Foreign Policy

The Ongoing Saudi Kerfuffle

"Presidents don't often get the freedom to work with unblemished partners."

National Security Desk · Nov. 27, 2018

Nearly two months after the brutal murder of Washington Post journalist Jamal Khashoggi, the American Leftmedia — led largely by the WaPo — is still up in arms over not just the murder but the way President Donald Trump has responded.

First, we’ll restate a couple of things we noted the only other time we’ve commented on the subject. Murder is what authoritarian regimes do, be they Islamic or otherwise. A free press is anathema to totalitarians. But with Khashoggi, there may be more than meets the eye. He joined the Muslim Brotherhood in the 1970s. He wasn’t an advocate of Western-style democracy, instead favoring an Arab Spring-style political Islamic regime. That isn’t to minimize his death; it’s to see clearly who he was, which the WaPo in its lionization refuses to do.

Second, the Leftmedia coverage is driven by the fact that Khashoggi was a journalist (or, more accurately, a propagandist), not by true care for or understanding of sometimes messy foreign alliances such as the one the U.S. has with Saudi Arabia.

Third, we also drew this back to the actual scandal of the 2012 Benghazi attack. The Leftmedia would like to make this “Trump’s Benghazi.”

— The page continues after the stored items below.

Lemma is_derive_gaussian_time (Af Mf : R -> R) (t dA dM x : R) :
  0 < Af t -> is_derive Af t dA -> is_derive Mf t dM ->
  is_derive (fun s => gaussian (Af s) (Mf s) x) t
    (gaussian (Af t) (Mf t) x
     * (dA / (2 * Af t) - dA / 2 * (x - Mf t) ^ 2 + Af t * dM * (x - Mf t))).
Proof.
  intros hA hdA hdM.
  assert (hpi := PI_RGT_0).
  assert (hq0 : 0 < Af t / (2 * PI)) by (apply Rdiv_lt_0_compat; lra).
  unfold gaussian. auto_derive.
  - repeat split; [eexists; exact hdA | exact hq0 | eexists; exact hdA | eexists; exact hdM].
  - replace (Derive (fun s => Af s) t) with dA by (symmetry; apply is_derive_unique, hdA).
    replace (Derive (fun s => Mf s) t) with dM by (symmetry; apply is_derive_unique, hdM).
    replace ((x + - Mf t) * ((x + - Mf t) * 1)) with ((x - Mf t) ^ 2) by ring.
    unfold Rdiv in *.
    assert (hq := sqrt_sqrt _ (Rlt_le _ _ hq0)).
    assert (hqp := sqrt_lt_R0 _ hq0).
    set (q := sqrt (Af t * / (2 * PI))) in *.
    set (e := exp (- (Af t * / 2) * (x - Mf t) ^ 2)).
    clearbody q e.
    replace (Af t) with (q * q * (2 * PI)) by (rewrite hq; field; lra).
    field. split; lra.
Qed.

Now, to recent developments. The CIA last week concluded that Saudi Crown Prince Mohammed bin Salman not only knew about the murder but ordered it, contradicting the Saudi government’s claims. Trump then contradicted the CIA, expressing doubt about its conclusion. Of Salman’s order or knowledge, Trump said as only he could, “Maybe he did and maybe he didn’t!” Trump’s generally crass letter regarding the murder and the CIA’s conclusion largely reduced the relationship with Saudi Arabia to arms sales, oil, and Iran, but without the right emphasis or caveats. As The Wall Street Journal observed, “We are aware of no President, not even such ruthless pragmatists as Richard Nixon or Lyndon Johnson, who would have written a public statement like this without so much as a grace note about America’s abiding values and principles. Ronald Reagan especially pursued a hard-line, often controversial, foreign policy against Soviet Communism, but he did so with a balance of unblinkered realism and American idealism. Mr. Trump seems incapable of such balance.”

But Trump wasn’t entirely wrong, either. As Defense Secretary Jim Mattis correctly noted, “There has to be accountability for anyone involved in the murder. Yes, I’m calling it murder. We’re not going to apologize for our human-rights stance. Nor are we going to apologize for working with Saudi Arabia when it’s necessary for the good of innocent people who are in trouble. Presidents don’t often get the freedom to work with unblemished partners.”

Finally, the CIA — hardly an unblemished partner, by the way — does not set foreign policy; the president does. And as he concluded his letter, Trump said, “Very simply it is called America First!”